But I”m not so pompous as to claim that “boys like, boys like, boys like me” (although it is often true). No, this is something different. I pay attention to the “types” of the boys I care about.
I came to the conclusions several years ago, that people have two types. The type that turns their head and the type they actually wind up with and the two are not the same. Ask anyone you’re close to what they go for. It doesn’t matter if it’s a male or a female, they’ll give you a description of a type. Compare that to the people they actually date, though, and you’ll often find that they are not the same.
I have this problem.
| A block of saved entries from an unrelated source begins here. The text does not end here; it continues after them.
Definition continuous_action {G Y : Type} (d : G -> G -> R) (eY : Y -> Y -> R)
    (mul : G -> G -> G) (one : G) (act : G -> Y -> Y) : Prop :=
  (forall y, act one y = y) /\
  (forall g h y, act (mul g h) y = act g (act h y)) /\
  (forall g y eps, 0 < eps -> exists del, 0 < del /\
     forall g' y', d g g' < del -> eY y y' < del -> eY (act g y) (act g' y') < eps).

Definition qr (q : Qc) : R := Q2R (this q).
Definition natQ (n : nat) : Qc := Q2Qc (inject_Z (Z.of_nat n)).
Definition Q0 : Qc := Q2Qc 0%Q.
Definition Q1 : Qc := Q2Qc 1%Q.

Definition qfamily (G : Type) := list Qc -> G -> R.

Definition lip1 {G : Type} (d : G -> G -> R) (f : G -> R) : Prop :=
  (forall g, 0 <= f g <= 1) /\ (forall g1 g2, Rabs (f g1 - f g2) <= d g1 g2).

Definition in_unit (q : Qc) : Prop := 0 < qr q < 1.

Definition in_X {G : Type} (d : G -> G -> R) (G0 : G -> Prop) (f : qfamily G) : Prop :=
  (forall s, lip1 d (f s)) /\
  (forall s g0 (m n : nat) q0 q1 q2 eps, G0 g0 ->
     in_unit q0 -> in_unit q1 -> in_unit q2 -> in_unit eps ->
     0 < qr q0 - qr eps < 1 -> 0 < qr q0 + qr eps < 1 ->
     0 < qr q1 - qr eps < 1 -> 0 < qr q1 + qr eps < 1 ->
     0 < qr q2 - qr eps < 1 -> 0 < qr q2 + qr eps < 1 ->
     f (s ++ [q0; q1; q2; Q0; natQ m; natQ n]) g0 < qr q1 - qr eps \/
     f s g0 <= qr q0 + qr eps) /\
  (forall s g0 (m n : nat) q0 q1 q2 eps, G0 g0 ->
     in_unit q0 -> in_unit q1 -> in_unit q2 -> in_unit eps ->
     0 < qr q0 - qr eps < 1 -> 0 < qr q0 + qr eps < 1 ->
     0 < qr q1 - qr eps < 1 -> 0 < qr q1 + qr eps < 1 ->
     0 < qr q2 - qr eps < 1 -> 0 < qr q2 + qr eps < 1 ->
     f (s ++ [q0; q1; q2; Q1; natQ m; natQ n]) g0 >= qr q2 + qr eps \/
     f (s ++ [q0; q1; q2; Q0; natQ m; natQ n]) g0 >= qr q1 - qr eps) /\
  (forall s g0 q0 eps, G0 g0 -> in_unit q0 -> in_unit eps ->
     f s g0 < qr q0 ->
     exists q1 q2 g1 (m n : nat),
       0 < qr q2 /\ qr q2 < qr q1 /\ qr q1 < qr q0 /\ qr q0 < 1 /\
       G0 g1 /\ d g0 g1 < qr eps /\
       f (s ++ [q0; q1; q2; Q1; natQ m; natQ n]) g1 < qr q2).

Definition fam_act {G : Type} (mul : G -> G -> G) (g : G) (f : qfamily G) : qfamily G :=
  fun s g0 => f s (mul g0 g).

(* the topology tau on X: generated by the subbasic sets
   {f in X : f_s(g0) < q0}, s a rational sequence, g0 in G0, q0 rational. *)
Definition subbasic_list {G : Type} (f : qfamily G) (l : list (list Qc * G * Qc)) : Prop :=
  forall s g0 q0, In (s, g0, q0) l -> f s g0 < qr q0.

Definition tau_open {G : Type} (d : G -> G -> R) (G0 : G -> Prop)
    (O : qfamily G -> Prop) : Prop :=
  (forall f, O f -> in_X d G0 f) /\
  forall f, O f -> exists l : list (list Qc * G * Qc),
    (forall s g0 q0, In (s, g0, q0) l -> G0 g0) /\ subbasic_list f l /\
    forall f', in_X d G0 f' -> subbasic_list f' l -> O f'.

From Stdlib Require Import Reals QArith Qcanon Qreals List Cantor Lra Lia.
From Stdlib Require Import Classical FunctionalExtensionality.
Import ListNotations.
Open Scope R_scope.

(* Fix countable dense sequences in G and in Y and attach to every finite
   rational sequence s an open set V_s of Y: singletons code balls around the
   dense points of Y, and from V_s, an element j of the dense sequence of G, a
   small closed ball K ⊆ V_s and a small open ball W one builds a t-child and a
   u-child of V_s.  Put π(y)_s(g) = min(1, inf {d(k,1) : k·g·y ∈ V_s}).
   Right invariance makes each coordinate 1-Lipschitz, and π is equivariant by
   construction.  As the V_s are open, π(y)_s(g) < q is an open condition on y,
   which is τ-continuity; the balls coded by singletons make π open onto its
   image, hence injective.  Conditions (1)–(3) are built into the children: the
   t-child contains every point that V_s does not reach within q0, the t- and
   u-children cannot be reached within q1 and q2 at the same time, and density
   yields a u-child containing any point that V_s reaches within q0. *)

Section CappedInf.
Variables (T : Type) (e : T -> R) (A : T -> Prop).

Definition capped_lower_bound (c : R) : Prop :=
  c <= 0 \/ (c <= 1 /\ forall k, A k -> c <= e k).

Lemma capped_lower_bound_bound : bound capped_lower_bound.
Proof. exists 1. intros c [Hc | [Hc _]]; lra. Qed.

Lemma capped_lower_bound_inhabited : exists c, capped_lower_bound c.
Proof. exists 0. left. lra. Qed.

Definition capped_inf : R :=
  proj1_sig (completeness capped_lower_bound
               capped_lower_bound_bound capped_lower_bound_inhabited).

Lemma capped_inf_lub : is_lub capped_lower_bound capped_inf.
Proof. exact (proj2_sig (completeness _ _ _)). Qed.

Lemma capped_inf_ge0 : 0 <= capped_inf.
Proof. apply (proj1 capped_inf_lub). left. lra. Qed.

Lemma capped_inf_le1 : capped_inf <= 1.
Proof. apply (proj2 capped_inf_lub). intros c [Hc | [Hc _]]; lra. Qed.

Lemma capped_inf_ge c : c <= 1 -> (forall k, A k -> c <= e k) -> c <= capped_inf.
Proof. intros Hc Hk. apply (proj1 capped_inf_lub). right. auto. Qed.

Lemma capped_inf_le k : 0 <= e k -> A k -> capped_inf <= e k.
Proof.
  intros He Hk. apply (proj2 capped_inf_lub).
  intros c [Hc | [_ Hc]]; [lra | auto].
Qed.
My “type” is tall, dark and skinny. He’ll turn my head when he walks past me. I’ll fantasize about him as I fall asleep. His name may change, depending on who I know at the moment, but his look is always the same. But he’s not the guy I date. The guy I date tends to be shorter than me, or within an inch of my 5’7 (okay, okay, 5’6-and-a-half). He may be dark, he may be light, but he tends to be stocky without any pudge. He’s often jaw-droppingly handsome and people say “How could you not want to stay/be with him, he’s gorgeous!” when it ends. But he’s not the guy who catches my eye.
Men have the same situation, but I know what boys like. Even when my guy friends delude themselves into thinking that they know what they want, I can always tell what they go for vs. what they wind up with. Any one of my boys, I can tell you their type or why this girlfriend will or won’t last. I, honestly do, know what boys want.
They may scoff, but if I list out what my boys want in a group of boys, all the non-targets will nod and smile at each of my assessments, then scowl as I read them forward and back when they become my target. I can tell which girlfriend is likely to last, which will break a heart and which we’ll be happy to see the back end of. I can tell all these things within a 15 minute conversation, but I keep it to myself, because after 15 minutes, he might be in love, but he won’t believe that I can read her… no, THEM, like a book. I’ll hold my judgment for a few weeks or months, depending on how serious it seems, then I’ll tell the rest what I honestly think. I won’t tell him, and I won’t tell her, but I’ll temper my relationship with the girl, depending on how long I think she’ll be around.
and, here’s the thing, I’ll be right about how long she’ll be around and how badly he’ll be hurt when it ends. And I’ll know when the girl is marriage material. Few will believe me, but I’ll know it to be true.
The trick is, figuring out how to stop knowing what boys like and how to find what I am looking for. Yeah… that’s the real problem.